# Can this relationship between the Harmonic Number, Mertens, and Sum-of-Divisors functions be proven?

I've verified conjectured relationship (3) below for several thousand values of $$x$$ and suspect that it's true.

(1) $$\quad H(x)=\sum\limits_{n=1}^x\frac{1}{n}\qquad\qquad\qquad\quad$$(Harmonic Number Function)

(2) $$\quad M(x)=\sum\limits_{n=1}^x\mu(n)\qquad\qquad\qquad$$(Mertens Function)

(3) $$\quad H(x)\stackrel{?}{=}\sum\limits_{n=1}^x\frac{\sigma_1(n)}{n}\,M\left(\frac{x}{n}\right)\qquad\quad(\sigma_1(n)$$ is the Sum-of-Divisors Function$$)$$

Question: Has conjectured relationship (3) above been proven or disproven (or can it be)?

• I don't have a laid out proof, but something that seems like it could be useful in the proof of this is that $\sum_{n=1}^x M(\frac{x}{n}) = 1$ – Ryan Shesler Jun 23 '19 at 21:58
• I suggest that you try checking the Handbook of Number Theory (currently in two volumes) to see if your conjectured equation is there.
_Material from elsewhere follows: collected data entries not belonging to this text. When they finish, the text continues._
Lemma deg_in_le_card (S : {set T}) (v : T) : (deg_in e S v <= #|S|)%N.
Proof. by apply/subset_leq_card/subsetP => u; rewrite inE => /andP []. Qed.

Lemma deg_in_mono (S S' : {set T}) (v : T) :
  S \subset S' -> (deg_in e S v <= deg_in e S' v)%N.
Proof.
move=> sS; apply/subset_leq_card/subsetP => u; rewrite !inE => /andP [uS ->].
by rewrite (subsetP sS _ uS).
Qed.

Lemma card_setU_disjoint (S1 S2 : {set T}) :
  [disjoint S1 & S2] -> #|S1 :|: S2| = (#|S1| + #|S2|)%N.
Proof. by move=> d; apply/eqP; rewrite (leq_card_setU S1 S2).2. Qed.

Lemma deg_in_setU (S1 S2 : {set T}) (v : T) : [disjoint S1 & S2] ->
  deg_in e (S1 :|: S2) v = (deg_in e S1 v + deg_in e S2 v)%N.
Proof.
move=> d; rewrite /deg_in -card_setU_disjoint; last first.
  by apply: disjointW d; apply/subsetP => u; rewrite inE => /andP [].
by apply: eq_card => u; rewrite !inE andb_orl.
Qed.

Lemma setI_split (S X Y : {set T}) : S \subset X :|: Y -> (S :&: X) :|: (S :&: Y) = S.
Proof. by rewrite -setIUr => /setIidPl. Qed.

Lemma disjoint_setI2 (S X Y : {set T}) :
  [disjoint X & Y] -> [disjoint S :&: X & S :&: Y].
Proof. exact/disjointW/subsetIr/subsetIr. Qed.

Lemma card_split (S X Y : {set T}) : [disjoint X & Y] -> S \subset X :|: Y ->
  #|S| = (#|S :&: X| + #|S :&: Y|)%N.
Proof.
by move=> d sS; rewrite -{1}(setI_split sS) card_setU_disjoint // disjoint_setI2.
Qed.

Lemma deg_in_split (S X Y : {set T}) (v : T) : [disjoint X & Y] ->
  S \subset X :|: Y -> deg_in e S v = (deg_in e (S :&: X) v + deg_in e (S :&: Y) v)%N.
Proof.
by move=> d sS; rewrite -{1}(setI_split sS) deg_in_setU // disjoint_setI2.
Qed.

Lemma deg_in_partition (I : finType) (P : I -> {set T}) (v : T) :
  (forall p q, p != q -> [disjoint P p & P q]) -> (forall x, exists p, x \in P p) ->
  deg_in e [set: T] v = (\sum_p deg_in e (P p) v)%N.
Proof.
move=> dis cov; rewrite /deg_in -sum1_card big_mkcond /=.
under [RHS]eq_bigr => p _ do rewrite -sum1_card big_mkcond /=.
rewrite exchange_big /=; apply: eq_bigr => u _; have [p up] := cov u.
rewrite (bigD1 p) //= big1 => [|q qp]; first by rewrite !inE up addn0.
by rewrite inE (disjointFr (dis p q _) up) // eq_sym.
Qed.
(* For every graph $G$ and integer $k$, calling naive-fvs$(G,k,\emptyset)$ returns a feedback vertex set of $G$ of size at most $k$ if $G$ has one, and returns ``NO'' otherwise.
   Context: All graphs are finite, simple and undirected; $d_G(v)$ denotes the degree of $v$ in $G$, $G-S$ denotes deletion of a vertex set $S$, and $G[S]$ the induced subgraph. A feedback vertex set of $G$ is a set $V_-\subseteq V(G)$ such that $G-V_-$ is a forest. Algorithm naive-fvs$(G,k,F)$ (with $k$ an integer and $F\subseteq V(G)$ inducing a forest) returns a set of vertices or ``NO'' as follows (all choices among several candidates are arbitrary; degrees are in the current graph $G$): (0) If $k<0$ return NO; if $V(G)=\emptyset$ return $\emptyset$. (1) If some vertex $v$ has degree less than $2$, return naive-fvs$(G-\{v\},k,F\setminus\{v\})$. (2) If some $v\in V(G)\setminus F$ has two neighbors in the same connected component of $G[F]$, let $X=$ naive-fvs$(G-\{v\},k-1,F)$ and return $X\cup\{v\}$ (NO if $X$ is NO). (3) Pick $v\in V(G)\setminus F$ of maximum degree. (4) If $d(v)=2$: set $X=\emptyset$; while $G$ contains a cycle $C$, take any vertex $x$ of $C$ not in $F$, add $x$ to $X$ and delete $x$ from $G$; then return $X$ if $|X|\le k$, else NO. (5) Let $X=$ naive-fvs$(G-\{v\},k-1,F)$; if $X$ is not NO, return $X\cup\{v\}$. (6) Return naive-fvs$(G,k,F\cup\{v\})$. *)

From HB Require Import structures.
From mathcomp Require Import all_boot all_order all_algebra.
Set Implicit Arguments.
Unset Strict Implicit.
Unset Printing Implicit Defensive.
Import Order.TTheory GRing.Theory Num.Theory.

(* A finite simple graph is a finType T of vertices together with a symmetric,
   irreflexive adjacency relation e.  The "current graph" handled by the
   algorithm is the induced subgraph G[V] for a vertex set V : {set T}. *)

Section Graph.
Variables (T : finType) (e : rel T).

Definition deg (V : {set T}) (v : T) : nat := #|[set u in V | e v u]|.

Definition is_cycle (V : {set T}) (c : seq T) : Prop :=
  [/\ 3 <= size c, all (fun x => x \in V) c, uniq c & cycle e c].

Definition forest (V : {set T}) : Prop := ~ exists c, is_cycle V c.

Definition is_fvs (V X : {set T}) : Prop := X \subset V /\ forest (V :\: X).

Definition erestr (V F : {set T}) : rel T :=
  [rel x y | [&& x \in V :&: F, y \in V :&: F & e x y]].

Definition two_nbrs_same_comp (V F : {set T}) (v : T) : Prop :=
  exists u w, [/\ u != w, u \in V :&: F, w \in V :&: F &
                  [/\ e v u, e v w & connect (erestr V F) u w]].

(* the while-loop of step (4): loop V F X X' means that, starting from the
   current graph G[V] and the accumulated set X, some run of the loop ends
   with accumulated set X' *)
Inductive loop4 (F : {set T}) : {set T} -> {set T} -> {set T} -> Prop :=
| loop4_done V X : forest V -> loop4 F V X X
| loop4_step V X X' c x :
    is_cycle V c -> x \in c -> x \notin F ->
    loop4 F (V :\ x) (x |: X) X' -> loop4 F V X X'.

(* naive V k F r : r is a possible result of naive-fvs(G[V], k, F)
   (None = "NO"), over all possible arbitrary choices. *)
Inductive naive : {set T} -> int -> {set T} -> option {set T} -> Prop :=
| naive0_neg V k F : (k < 0)%R -> naive V k F None
| naive0_empty V k F : (0 <= k)%R -> V = set0 -> naive V k F (Some set0)
| naive1 V k F v r :
    (0 <= k)%R -> V != set0 ->
    v \in V -> deg V v < 2 ->
    naive (V :\ v) k (F :\ v) r -> naive V k F r
| naive2 V k F v r :
    (0 <= k)%R -> V != set0 ->
    (forall u, u \in V -> 2 <= deg V u) ->
    v \in V :\: F -> two_nbrs_same_comp V F v ->
    naive (V :\ v) (k - 1)%R F r -> naive V k F (omap (fun X => v |: X) r)
| naive4 V k F v X :
    (0 <= k)%R -> V != set0 ->
    (forall u, u \in V -> 2 <= deg V u) ->
    (forall u, u \in V :\: F -> ~ two_nbrs_same_comp V F u) ->
    v \in V :\: F -> (forall u, u \in V :\: F -> deg V u <= deg V v) ->
    deg V v = 2 ->
    loop4 F V set0 X ->
    naive V k F (if (#|X|%:Z <= k)%R then Some X else None)
| naive5 V k F v X :
    (0 <= k)%R -> V != set0 ->
    (forall u, u \in V -> 2 <= deg V u) ->
    (forall u, u \in V :\: F -> ~ two_nbrs_same_comp V F u) ->
    v \in V :\: F -> (forall u, u \in V :\: F -> deg V u <= deg V v) ->
    deg V v != 2 ->
    naive (V :\ v) (k - 1)%R F (Some X) -> naive V k F (Some (v |: X))
| naive6 V k F v r :
    (0 <= k)%R -> V != set0 ->
    (forall u, u \in V -> 2 <= deg V u) ->
    (forall u, u \in V :\: F -> ~ two_nbrs_same_comp V F u) ->
    v \in V :\: F -> (forall u, u \in V :\: F -> deg V u <= deg V v) ->
    deg V v != 2 ->
    naive (V :\ v) (k - 1)%R F None ->
    naive V k (F :|: [set v]) r -> naive V k F r.

End Graph.

(* Soundness is an induction along the recursion with the invariant that
   naive-fvs(G[V], k, F) decides whether G[V] has a feedback vertex set of size
   at most k disjoint from F (the vertices the algorithm has decided to keep).
   Steps (1) and (2) are safe because a vertex of degree < 2 lies on no cycle,
   while a vertex with two neighbours in one component of G[F] lies on a cycle
   whose other vertices are all in F.  The heart is step (4): once every vertex
   outside F has degree at most 2, deleting any non-F vertex x of a cycle is
   optimal.  Indeed, if a solution Y misses x and no y in Y can be traded for
   x, then every y in Y has its two neighbours connected in S = G - Y - x;
   walking around the cycle then connects the two cycle-neighbours of x inside
   S, which closes a cycle through x in G - Y.
   Termination follows from the decrease of |V| + |V \ F|; the invariant that
   G[F] is a forest guarantees that the loop of step (4) and the choice of
   step (3) always find a vertex outside F, since a nonempty graph of minimum
   degree 2 contains a cycle. *)

From HB Require Import structures.
From mathcomp Require Import all_boot all_order all_algebra zify.
From Stdlib Require Import Classical.
Import Order.TTheory GRing.Theory Num.Theory.
Set Implicit Arguments.
Unset Strict Implicit.

Section NaiveFVS.
Variables (T : finType) (e : rel T).
Hypothesis e_sym : symmetric e.
Hypothesis e_irr : irreflexive e.

(** * Cycles and forests *)

Definition induced (S : {set T}) : rel T := [rel a b | [&& a \in S, b \in S & e a b]].

Lemma induced_sym (S : {set T}) : symmetric (induced S).
Proof. by move=> a b; rewrite /induced /= e_sym andbCA. Qed.

Lemma path_induced (S : {set T}) a p :
  {subset a :: p <= S} -> path e a p -> path (induced S) a p.
Proof.
move=> /allP Sap; apply: sub_in_path Sap => u w uS wS euw.
by rewrite /induced /= uS wS.
Qed.

Lemma induced_path (S : {set T}) u p : path (induced S) u p ->
  [/\ path e u p, {subset p <= S} & (p != [::] -> u \in S)].
Proof.
elim: p u => [|h t IH] u /=; first by split.
case/andP=> /and3P[uS hS euh] /IH[pt St _].
by split=> [|z|//]; rewrite ?euh // inE => /predU1P[->|/St].
Qed.

Lemma forest0 : forest e set0.
Proof. by case=> -[|z c] [] // _ /andP[]; rewrite inE. Qed.

Lemma forest_subset (A B : {set T}) : A \subset B -> forest e B -> forest e A.
Proof.
move=> sAB fB [c [sz /allP Ac u cc]]; apply: fB; exists c; split => //.
by apply/allP => z /Ac; apply: (subsetP sAB).
Qed.

Lemma cycle_mem (V : {set T}) c z : is_cycle e V c -> z \in c -> z \in V.
Proof. by case=> _ /allP Vc _ _ /Vc. Qed.

Lemma forest_setD1 (W : {set T}) v : forest e (W :\ v) ->
  (forall c, is_cycle e W c -> v \in c -> False) -> forest e W.
Proof.
move=> fWv no_v [c cyc]; case: (boolP (v \in c)) => [/(no_v c cyc) // | vc].
apply: fWv; exists c; case: cyc => sz /allP Wc uc cc; split => //.
apply/allP => z zc; rewrite inE Wc // andbT inE.
by apply: contraNneq _ vc => <-.
Qed.

Lemma deg_subset (A B : {set T}) u : A \subset B -> deg e A u <= deg e B u.
Proof.
move=> sAB; apply/subset_leq_card/subsetP => z.
by rewrite !inE => /andP[/(subsetP sAB) -> ->].
Qed.

Lemma is_cycle_rot (V : {set T}) c i : is_cycle e V (rot i c) <-> is_cycle e V c.
Proof. by rewrite /is_cycle size_rot (eq_all_r (mem_rot i c)) rot_uniq rot_cycle. Qed.

Lemma cycle_rot_to (V : {set T}) c y : is_cycle e V c -> y \in c ->
  exists a p, [/\ is_cycle e V [:: y, a & p], p != [::] &
                  forall z, (z \in c) = (z \in [:: y, a & p])].
Proof.
move=> cyc /rot_to[i p def_c].
have {cyc} : is_cycle e V (rot i c) by apply/is_cycle_rot.
rewrite def_c; case: p def_c => [|a [|b p]] def_c cyc; try by case: cyc.
by exists a, (b :: p); split=> // z; rewrite -def_c mem_rot.
Qed.

Lemma cycle_neighbours (W : {set T}) c y : is_cycle e W c -> y \in c ->
  exists a b, [/\ a != b, e y a, e y b &
    forall S : {set T}, {subset [predD1 c & y] <= S} ->
      [/\ a \in S, b \in S & connect (induced S) a b]].
Proof.
move=> cyc yc; have [a [p [[_ _ uniq_c cyc_c] p_ne mem_c]]] := cycle_rot_to cyc yc.
case: p p_ne uniq_c cyc_c mem_c => [//|h t] _ uniq_c cyc_c mem_c.
move: cyc_c; rewrite /cycle rcons_path => /andP[/andP[eya path_p] elast].
rewrite /= in elast.
move: uniq_c; rewrite /= !inE => /andP[/norP[ya y_ht] /andP[a_ht _]].
have b_ht : last h t \in h :: t by apply: mem_last.
exists a, (last h t); split.
- by apply: contraNneq a_ht => ->.
- done.
- by rewrite e_sym.
move=> S cS; have sub_S : {subset a :: h :: t <= S}.
  move=> z z_aht; apply: cS; rewrite inE mem_c inE z_aht orbT andbT.
  by apply: contraTneq z_aht => ->; rewrite !inE negb_or ya.
split; [exact: sub_S (mem_head _ _) | by apply: sub_S; rewrite inE b_ht orbT |].
by apply/connectP; exists (h :: t); first exact: path_induced.
Qed.

Lemma cycle_deg (V : {set T}) c v : is_cycle e V c -> v \in c -> 2 <= deg e V v.
Proof.
move=> cyc vc; have [a [b [ab eva evb inS]]] := cycle_neighbours cyc vc.
have [aV bV _] : [/\ a \in V, b \in V & connect (induced V) a b].
  by apply: inS => z /andP[_ /(cycle_mem cyc)].
have <- : #|[set a; b]| = 2 by rewrite cards2 ab.
apply/subset_leq_card/subsetP => z.
by rewrite !inE => /orP[] /eqP->; rewrite ?aV ?bV.
Qed.
(* Let $N\ge2$, $M\ge1$, $q_1,\dots,q_N>0$, and let each $J_k:\mathbb{R}^M\to\mathbb{R}$ be convex and differentiable, with $\sum_{k=1}^Nq_kJ_k$ strongly convex with unique minimizer $w^\star$, and suppose $\sum_{k=1}^NJ_k$ is strongly convex. Let $A$ be primitive, left-stochastic and balanced with Perron vector $p$, and let $\mu_1,\dots,\mu_N>0$ satisfy $q=\beta\,\mathrm{diag}\{\mu_1,\dots,\mu_N\}p$ for some $\beta>0$. Then there exists a unique pair $(\mathcal{W}^\star,\mathcal{Y}^\star_o)\in\mathbb{R}^{NM}\times\mathbb{R}^{NM}$ with $\mathcal{Y}^\star_o$ in the range of $\mathcal{V}$ such that $$\bar{\mathcal{A}}^{\mathsf T}\mathcal{M}\nabla\mathcal{J}^o(\mathcal{W}^\star)+\mathcal{P}^{-1}\mathcal{V}\mathcal{Y}^\star_o=0,\qquad \mathcal{V}\mathcal{W}^\star=0 .$$
   Context: $A=[a_{\ell k}]\in\mathbb{R}^{N\times N}$ is nonnegative, left-stochastic ($A^{\mathsf T}\mathbf{1}_N=\mathbf{1}_N$) and primitive, with Perron vector $p$: $Ap=p$, $\mathbf{1}_N^{\mathsf T}p=1$, $p\succ0$; $P=\mathrm{diag}(p)$, balanced means $PA^{\mathsf T}=AP$. $q=(q_1,\dots,q_N)^{\mathsf T}$, $\bar A=(I_N+A)/2$. The symmetric positive semidefinite matrix $(P-AP)/2$ has eigendecomposition $U\Sigma U^{\mathsf T}$ and $V=U\Sigma^{1/2}U^{\mathsf T}$. $\bar{\mathcal{A}}=\bar A\otimes I_M$, $\mathcal{P}=P\otimes I_M$, $\mathcal{V}=V\otimes I_M$, $\mathcal{M}=\mathrm{diag}\{\mu_1I_M,\dots,\mu_NI_M\}$, and $\nabla\mathcal{J}^o(\mathcal{W})=\mathrm{col}\{\nabla J_1(w_1),\dots,\nabla J_N(w_N)\}$ for $\mathcal{W}=\mathrm{col}\{w_1,\dots,w_N\}$. *)

From HB Require Import structures.
From mathcomp Require Import all_boot all_order all_algebra.
From mathcomp Require Import all_classical all_reals all_analysis.
Set Implicit Arguments. Unset Strict Implicit. Unset Printing Implicit Defensive.
Import Order.TTheory GRing.Theory Num.Theory.
Import numFieldNormedType.Exports.
Local Open Scope ring_scope.

Definition sqnorm (R : realType) (M : nat) (x : 'rV[R]_M) : R :=
  \sum_(i < M) x 0 i ^+ 2.

Definition convex_fun (R : realType) (M : nat) (J : 'rV[R]_M -> R) : Prop :=
  forall (x y : 'rV[R]_M) (t : R), 0 <= t -> t <= 1 ->
    J (t *: x + (1 - t) *: y) <= t * J x + (1 - t) * J y.

Definition strongly_convex (R : realType) (M : nat) (J : 'rV[R]_M -> R) : Prop :=
  exists nu : R, 0 < nu /\
  forall (x y : 'rV[R]_M) (t : R), 0 <= t -> t <= 1 ->
    J (t *: x + (1 - t) *: y) <=
      t * J x + (1 - t) * J y - nu / 2 * t * (1 - t) * sqnorm (x - y).

Definition grad (R : realType) (M : nat) (J : 'rV[R]_M -> R) (w : 'rV[R]_M)
  : 'rV[R]_M := \row_(i < M) ('d J w) (delta_mx 0 i).

Definition mxpow (R : realType) (N : nat) (A : 'M[R]_N) (k : nat) : 'M[R]_N :=
  iter k (mulmx A) 1%:M.

Definition nonneg_mx (R : realType) (N : nat) (A : 'M[R]_N) : Prop :=
  forall i j, 0 <= A i j.

Definition left_stochastic (R : realType) (N : nat) (A : 'M[R]_N) : Prop :=
  nonneg_mx A /\ A^T *m const_mx 1 = (const_mx 1 : 'cV[R]_N).

Definition primitive_mx (R : realType) (N : nat) (A : 'M[R]_N) : Prop :=
  nonneg_mx A /\ exists k : nat, forall i j, 0 < mxpow A k i j.

Definition perron_vector (R : realType) (N : nat) (A : 'M[R]_N) (p : 'cV[R]_N)
  : Prop :=
  A *m p = p /\ \sum_(i < N) p i 0 = 1 /\ forall i, 0 < p i 0.

Definition Pmat (R : realType) (N : nat) (p : 'cV[R]_N) : 'M[R]_N := diag_mx p^T.

Definition balanced (R : realType) (N : nat) (A : 'M[R]_N) (p : 'cV[R]_N) : Prop :=
  Pmat p *m A^T = A *m Pmat p.

Definition Abar (R : realType) (N : nat) (A : 'M[R]_N) : 'M[R]_N :=
  2^-1 *: (1%:M + A).

(* Stacked vectors col{w_1,...,w_N} of R^{NM} are represented as N x M matrices
   whose k-th row is w_k.  Under this identification, (X (x) I_M) W is X *m W. *)

Definition gradJo (R : realType) (N M : nat) (J : 'I_N -> 'rV[R]_M -> R)
  (W : 'M[R]_(N, M)) : 'M[R]_(N, M) :=
  \matrix_(k < N, i < M) grad (J k) (row k W) 0 i.

From HB Require Import structures.
From mathcomp Require Import all_boot all_order all_algebra.
From mathcomp Require Import all_classical all_reals all_analysis.
From mathcomp Require Import lra.
Import Order.TTheory GRing.Theory Num.Theory.
Import numFieldNormedType.Exports.
Set Implicit Arguments. Unset Strict Implicit. Unset Printing Implicit Defensive.
Local Open Scope ring_scope.

(* Let S := (P - A P)/2 = V^2.  Since A is primitive, its fixed vectors are the
   multiples of p, so the kernels of S and V consist of the consensus matrices
   1 w.  Left multiplication by 1^T P kills the term P^-1 V Y (because 1^T V = 0)
   and, A being balanced and left-stochastic, turns the gradient term into
   beta^-1 sum_k q_k grad J_k(w); hence W* = 1 w* with w* the minimiser of the
   convex function sum_k q_k J_k.  The remaining equation V^2 Z = -P (gradient
   term) is solvable because its right-hand side has zero column sums, i.e. is
   orthogonal to ker S, and it determines Y = V Z since ker V^2 = ker V. *)

Section FirstOrderOptimality.
Variables (R : realType) (M : nat).
Implicit Types (f : 'rV[R]_M -> R) (w y v : 'rV[R]_M) (c : R).

Lemma derive_le_quotient f w v c : derivable f w v ->
  (forall t : R, 0 < t -> t <= 1 -> t^-1 * (f (t *: v + w) - f w) <= c) ->
  'D_v f w <= c.
Proof.
move=> df le_c; apply: cvgr_to_le (cvg_dnbhs_at_right df) _.
near=> t; apply: le_c; near: t; [exact: nbhs_right_gt | exact: nbhs_right_le].
Unshelve. all: by end_near.
Qed.

Lemma derive_ge_quotient f w v c : derivable f w v ->
  (forall t : R, 0 < t -> t <= 1 -> c <= t^-1 * (f (t *: v + w) - f w)) ->
  c <= 'D_v f w.
Proof.
move=> df ge_c; apply: cvgr_to_ge (cvg_dnbhs_at_right df) _.
near=> t; apply: ge_c; near: t; [exact: nbhs_right_gt | exact: nbhs_right_le].
Unshelve. all: by end_near.
Qed.

Lemma diff_grad f w v : 'd f w v = \sum_(i < M) v 0 i * grad f w 0 i.
Proof.
rewrite {1}(row_sum_delta v) linear_sum; apply: eq_bigr => i _.
by rewrite linearZ /= /grad mxE.
Qed.

Lemma grad_eq0_of_min f w : differentiable f w -> (forall y, f w <= f y) ->
  grad f w = 0.
Proof.
move=> df wmin; set g := grad f w.
have d_ge0 v : 0 <= 'd f w v.
  rewrite -deriveE //; apply: derive_ge_quotient; first exact: diff_derivable.
  move=> t t0 _; rewrite mulr_ge0 // ?invr_ge0 ?subr_ge0 //; exact: ltW.
have sq_le0 : \sum_(i < M) g 0 i ^+ 2 <= 0.
  by rewrite -oppr_ge0 (le_trans (d_ge0 (- g))) // diff_grad -sumrN;
    apply: ler_sum => i _; rewrite mxE mulNr expr2.
have sq_eq0 : \sum_(i < M) g 0 i ^+ 2 = 0.
  by apply/eqP; rewrite eq_le sq_le0 sumr_ge0 // => i _; rewrite sqr_ge0.
apply/rowP => i; rewrite [RHS]mxE; apply/eqP; rewrite -sqrf_eq0; apply/eqP.
by apply: (psumr_eq0P _ sq_eq0) => // j _; rewrite sqr_ge0.
Qed.

Lemma convex_diff_le f w y : convex_fun f -> differentiable f w ->
  'd f w (y - w) <= f y - f w.
Proof.
move=> fcvx df; rewrite -deriveE //; apply: derive_le_quotient.
  exact: diff_derivable.
move=> t t0 t1; have := fcvx y w t (ltW t0) t1.
have -> : t *: y + (1 - t) *: w = t *: (y - w) + w.
  by rewrite scalerBl scale1r scalerBr addrA addrAC.
move=> le_cvx; rewrite -(ler_pM2l t0) mulrA mulfV ?gt_eqF // mul1r.
lra.
Qed.

Lemma min_of_grad_eq0 f w : convex_fun f -> differentiable f w ->
  grad f w = 0 -> forall y, f w <= f y.
Proof.
move=> fcvx df g0 y; rewrite -subr_ge0; apply: le_trans (convex_diff_le y fcvx df).
by rewrite diff_grad g0 big1 // => i _; rewrite [X in _ * X]mxE mulr0.
Qed.

End FirstOrderOptimality.

Section WeightedSum.
Variables (R : realType) (M N : nat) (c : 'I_N -> R) (J : 'I_N -> 'rV[R]_M -> R).
Hypotheses (c_ge0 : forall k, 0 <= c k) (Jcvx : forall k, convex_fun (J k))
  (Jdiff : forall k w, differentiable (J k) w).
Let F (w : 'rV[R]_M) := \sum_(k < N) c k * J k w.

Lemma weighted_sumE : F = \sum_(k < N) c k *: J k.
Proof. by apply/funext => w; rewrite /F fct_sumE. Qed.

Lemma differentiable_weighted_sum w : differentiable F w.
Proof.
by rewrite weighted_sumE; apply: differentiable_sum => k; exact: differentiableZ.
Qed.

Lemma grad_weighted_sum w : grad F w = \sum_(k < N) c k *: grad (J k) w.
Proof.
apply/rowP => i; rewrite /grad mxE -deriveE; last exact: differentiable_weighted_sum.
rewrite weighted_sumE derive_sum => [|k]; last exact/derivableZ/diff_derivable.
rewrite summxE; apply: eq_bigr => k _.
by rewrite deriveZ ?deriveE ?mxE //; exact: diff_derivable.
Qed.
Other than that, I do not remember having seen this relationship before. – Jose Arnaldo Bebita-Dris Jun 24 '19 at 5:52

Yes, this relationship is true and can be proved as follows (FYI $$\sigma_1(n)=\sum_{d\mid n}d$$ is more commonly known as the sum of divisors function, while the divisor function tends to refer to $$\sum_{d\mid n}1$$).
$$\sum_{1\leq n\leq x}\frac{\sigma_1(n)}{n}M(x/n) = \sum_{1\leq n\leq x}\frac{1}{n}\sum_{d\mid n}d\sum_{1\leq m\leq x/n}\mu(m).$$
$$= \sum_{1\leq d,m\leq x} d\mu(m)\sum_{\substack{1\leq n\leq x/m\\ d\mid n}} \frac{1}{n} = \sum_{1\leq dmn\leq x} \frac{\mu(m)}{n}= \sum_{1\leq k\leq x}\mu \ast 1\ast f(k)$$
where $$f(t)=1/t$$ and $$\star$$ denotes the multiplicative Dirichlet convolution. By Mobius inversion $$\mu\star 1$$ is the identity function for convolution, and hence this sum is just $$\sum_{1\leq k\leq x}f(k)=H(x)$$ as you claim.